# Brief
From the records below, transcribe only the lines running from the one with "by rewrite ?scale0r" through the one with "Lemma jrel_sum (R". Keep both of those end lines.

· · ·

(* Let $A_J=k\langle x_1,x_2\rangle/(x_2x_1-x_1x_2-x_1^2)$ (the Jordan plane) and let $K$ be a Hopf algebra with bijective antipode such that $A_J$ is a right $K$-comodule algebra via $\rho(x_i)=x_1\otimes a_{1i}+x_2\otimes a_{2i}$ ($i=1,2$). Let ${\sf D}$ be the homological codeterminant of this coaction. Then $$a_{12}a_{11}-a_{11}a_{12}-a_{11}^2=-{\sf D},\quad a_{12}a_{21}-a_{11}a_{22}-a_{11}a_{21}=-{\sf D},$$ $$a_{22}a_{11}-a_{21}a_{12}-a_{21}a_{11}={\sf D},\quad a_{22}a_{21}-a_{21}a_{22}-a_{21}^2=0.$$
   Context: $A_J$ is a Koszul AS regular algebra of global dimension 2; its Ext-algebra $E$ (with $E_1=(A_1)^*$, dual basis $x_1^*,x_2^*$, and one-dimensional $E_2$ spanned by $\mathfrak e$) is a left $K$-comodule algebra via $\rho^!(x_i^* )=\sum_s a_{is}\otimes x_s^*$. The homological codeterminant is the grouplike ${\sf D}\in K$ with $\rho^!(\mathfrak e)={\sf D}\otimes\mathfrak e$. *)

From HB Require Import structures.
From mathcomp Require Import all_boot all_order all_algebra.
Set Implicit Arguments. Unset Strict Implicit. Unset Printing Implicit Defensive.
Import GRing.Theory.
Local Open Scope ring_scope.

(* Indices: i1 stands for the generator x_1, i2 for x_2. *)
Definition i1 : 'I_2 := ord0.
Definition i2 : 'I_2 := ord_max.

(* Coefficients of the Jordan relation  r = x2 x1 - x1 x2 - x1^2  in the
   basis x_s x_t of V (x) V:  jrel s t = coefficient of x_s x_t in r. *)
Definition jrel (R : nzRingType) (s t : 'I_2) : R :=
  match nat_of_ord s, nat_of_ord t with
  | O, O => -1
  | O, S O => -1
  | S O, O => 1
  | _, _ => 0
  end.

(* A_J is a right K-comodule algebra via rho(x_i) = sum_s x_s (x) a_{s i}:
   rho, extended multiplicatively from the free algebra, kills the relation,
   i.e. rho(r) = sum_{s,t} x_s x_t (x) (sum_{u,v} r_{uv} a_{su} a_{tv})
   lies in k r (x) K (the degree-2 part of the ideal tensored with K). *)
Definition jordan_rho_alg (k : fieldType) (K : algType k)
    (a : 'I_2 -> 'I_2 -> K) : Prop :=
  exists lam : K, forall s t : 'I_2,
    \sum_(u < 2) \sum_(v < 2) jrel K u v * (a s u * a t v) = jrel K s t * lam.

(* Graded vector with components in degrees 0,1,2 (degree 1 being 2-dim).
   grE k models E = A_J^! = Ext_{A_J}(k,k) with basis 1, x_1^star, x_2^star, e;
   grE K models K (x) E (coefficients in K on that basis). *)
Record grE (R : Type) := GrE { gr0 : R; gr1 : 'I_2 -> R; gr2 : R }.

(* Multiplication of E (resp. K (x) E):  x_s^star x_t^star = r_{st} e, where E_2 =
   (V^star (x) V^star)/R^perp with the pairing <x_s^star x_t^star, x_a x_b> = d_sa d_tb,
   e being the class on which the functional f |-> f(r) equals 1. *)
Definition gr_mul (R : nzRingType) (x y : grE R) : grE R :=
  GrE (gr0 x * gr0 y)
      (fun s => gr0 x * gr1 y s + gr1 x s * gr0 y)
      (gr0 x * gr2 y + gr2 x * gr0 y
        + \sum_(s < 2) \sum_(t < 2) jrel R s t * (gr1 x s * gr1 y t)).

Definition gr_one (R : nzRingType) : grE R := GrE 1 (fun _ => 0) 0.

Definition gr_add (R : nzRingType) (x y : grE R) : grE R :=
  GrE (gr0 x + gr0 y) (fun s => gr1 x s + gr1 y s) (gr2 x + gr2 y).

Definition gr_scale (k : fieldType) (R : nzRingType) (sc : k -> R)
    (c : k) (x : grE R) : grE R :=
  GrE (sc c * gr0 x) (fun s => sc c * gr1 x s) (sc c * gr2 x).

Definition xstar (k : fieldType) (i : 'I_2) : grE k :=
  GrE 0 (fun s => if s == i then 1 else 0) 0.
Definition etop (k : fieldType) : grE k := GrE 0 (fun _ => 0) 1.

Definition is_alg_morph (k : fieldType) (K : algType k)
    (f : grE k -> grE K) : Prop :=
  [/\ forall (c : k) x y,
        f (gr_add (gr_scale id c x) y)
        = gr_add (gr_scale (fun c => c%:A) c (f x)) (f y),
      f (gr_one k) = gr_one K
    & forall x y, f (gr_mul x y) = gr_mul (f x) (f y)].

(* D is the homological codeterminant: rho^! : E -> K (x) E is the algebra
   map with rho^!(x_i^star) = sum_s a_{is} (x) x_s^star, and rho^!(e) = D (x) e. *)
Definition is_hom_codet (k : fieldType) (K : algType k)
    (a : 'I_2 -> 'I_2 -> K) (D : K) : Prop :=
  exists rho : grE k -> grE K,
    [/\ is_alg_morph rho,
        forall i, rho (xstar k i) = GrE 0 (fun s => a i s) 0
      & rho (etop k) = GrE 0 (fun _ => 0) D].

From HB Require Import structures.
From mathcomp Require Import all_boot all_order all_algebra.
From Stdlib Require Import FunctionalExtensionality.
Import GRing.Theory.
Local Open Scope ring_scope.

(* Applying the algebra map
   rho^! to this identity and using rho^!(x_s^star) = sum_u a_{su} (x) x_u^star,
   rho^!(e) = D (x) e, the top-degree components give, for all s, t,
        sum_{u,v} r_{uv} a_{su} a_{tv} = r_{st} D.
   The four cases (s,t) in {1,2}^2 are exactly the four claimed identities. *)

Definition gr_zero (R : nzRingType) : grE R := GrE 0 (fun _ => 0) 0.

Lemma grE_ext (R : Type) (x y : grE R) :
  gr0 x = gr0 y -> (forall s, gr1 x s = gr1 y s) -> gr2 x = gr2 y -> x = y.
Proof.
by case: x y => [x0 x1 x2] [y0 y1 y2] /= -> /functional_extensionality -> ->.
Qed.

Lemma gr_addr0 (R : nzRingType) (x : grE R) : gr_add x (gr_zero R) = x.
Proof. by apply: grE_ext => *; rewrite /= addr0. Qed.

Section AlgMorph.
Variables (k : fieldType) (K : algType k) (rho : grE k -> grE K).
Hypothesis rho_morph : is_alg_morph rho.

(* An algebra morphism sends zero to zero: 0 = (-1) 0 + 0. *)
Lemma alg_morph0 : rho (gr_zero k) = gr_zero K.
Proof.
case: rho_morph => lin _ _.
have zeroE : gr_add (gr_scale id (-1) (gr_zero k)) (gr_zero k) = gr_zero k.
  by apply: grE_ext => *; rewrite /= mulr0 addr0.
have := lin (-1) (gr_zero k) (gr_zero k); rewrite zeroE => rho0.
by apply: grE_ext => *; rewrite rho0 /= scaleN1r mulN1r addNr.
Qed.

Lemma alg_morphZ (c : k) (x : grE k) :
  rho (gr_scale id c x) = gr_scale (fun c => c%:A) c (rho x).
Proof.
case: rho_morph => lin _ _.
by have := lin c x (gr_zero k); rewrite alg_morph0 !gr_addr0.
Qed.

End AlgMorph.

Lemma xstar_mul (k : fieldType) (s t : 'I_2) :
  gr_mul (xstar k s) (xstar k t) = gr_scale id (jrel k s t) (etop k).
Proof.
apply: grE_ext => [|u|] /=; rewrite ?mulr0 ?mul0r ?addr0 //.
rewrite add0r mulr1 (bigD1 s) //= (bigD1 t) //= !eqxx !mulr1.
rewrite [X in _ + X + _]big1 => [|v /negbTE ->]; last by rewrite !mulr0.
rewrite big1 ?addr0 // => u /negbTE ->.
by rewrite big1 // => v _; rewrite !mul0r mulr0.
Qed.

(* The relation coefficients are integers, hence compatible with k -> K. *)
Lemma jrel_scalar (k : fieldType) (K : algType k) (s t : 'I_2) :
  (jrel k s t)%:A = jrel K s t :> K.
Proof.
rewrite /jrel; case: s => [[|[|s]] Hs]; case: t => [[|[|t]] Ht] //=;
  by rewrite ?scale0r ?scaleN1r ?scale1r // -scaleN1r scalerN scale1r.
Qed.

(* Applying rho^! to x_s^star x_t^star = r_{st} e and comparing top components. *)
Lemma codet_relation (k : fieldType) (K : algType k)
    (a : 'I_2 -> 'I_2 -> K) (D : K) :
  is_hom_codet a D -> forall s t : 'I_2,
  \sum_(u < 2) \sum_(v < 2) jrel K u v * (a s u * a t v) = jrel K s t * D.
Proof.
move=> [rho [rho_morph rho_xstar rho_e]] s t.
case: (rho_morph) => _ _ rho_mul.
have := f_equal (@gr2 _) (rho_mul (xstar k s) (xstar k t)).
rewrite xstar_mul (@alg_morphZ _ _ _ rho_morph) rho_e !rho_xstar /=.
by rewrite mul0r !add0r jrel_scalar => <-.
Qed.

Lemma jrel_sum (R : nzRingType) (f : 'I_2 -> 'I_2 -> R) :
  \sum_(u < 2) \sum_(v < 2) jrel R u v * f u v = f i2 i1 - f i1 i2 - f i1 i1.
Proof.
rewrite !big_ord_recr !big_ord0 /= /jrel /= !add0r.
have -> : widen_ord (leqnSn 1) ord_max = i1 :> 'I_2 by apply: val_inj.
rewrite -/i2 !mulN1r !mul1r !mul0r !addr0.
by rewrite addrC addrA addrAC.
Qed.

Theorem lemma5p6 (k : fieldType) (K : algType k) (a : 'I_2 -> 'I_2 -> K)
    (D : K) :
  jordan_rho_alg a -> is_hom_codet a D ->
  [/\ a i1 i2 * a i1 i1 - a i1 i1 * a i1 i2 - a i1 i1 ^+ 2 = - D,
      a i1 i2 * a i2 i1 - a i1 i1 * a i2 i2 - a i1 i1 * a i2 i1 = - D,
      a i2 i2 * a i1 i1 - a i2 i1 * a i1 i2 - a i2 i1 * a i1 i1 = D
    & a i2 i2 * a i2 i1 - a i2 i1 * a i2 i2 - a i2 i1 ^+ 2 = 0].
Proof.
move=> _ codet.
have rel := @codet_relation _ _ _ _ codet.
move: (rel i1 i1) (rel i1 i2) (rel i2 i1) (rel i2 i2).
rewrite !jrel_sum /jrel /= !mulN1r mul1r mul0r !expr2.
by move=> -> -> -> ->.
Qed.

· · ·

# Expected answer
  by rewrite ?scale0r ?scaleN1r ?scale1r // -scaleN1r scalerN scale1r.
Qed.

(* Applying rho^! to x_s^star x_t^star = r_{st} e and comparing top components. *)
Lemma codet_relation (k : fieldType) (K : algType k)
    (a : 'I_2 -> 'I_2 -> K) (D : K) :
  is_hom_codet a D -> forall s t : 'I_2,
  \sum_(u < 2) \sum_(v < 2) jrel K u v * (a s u * a t v) = jrel K s t * D.
Proof.
move=> [rho [rho_morph rho_xstar rho_e]] s t.
case: (rho_morph) => _ _ rho_mul.
have := f_equal (@gr2 _) (rho_mul (xstar k s) (xstar k t)).
rewrite xstar_mul (@alg_morphZ _ _ _ rho_morph) rho_e !rho_xstar /=.
by rewrite mul0r !add0r jrel_scalar => <-.
Qed.

Lemma jrel_sum (R : nzRingType) (f : 'I_2 -> 'I_2 -> R) :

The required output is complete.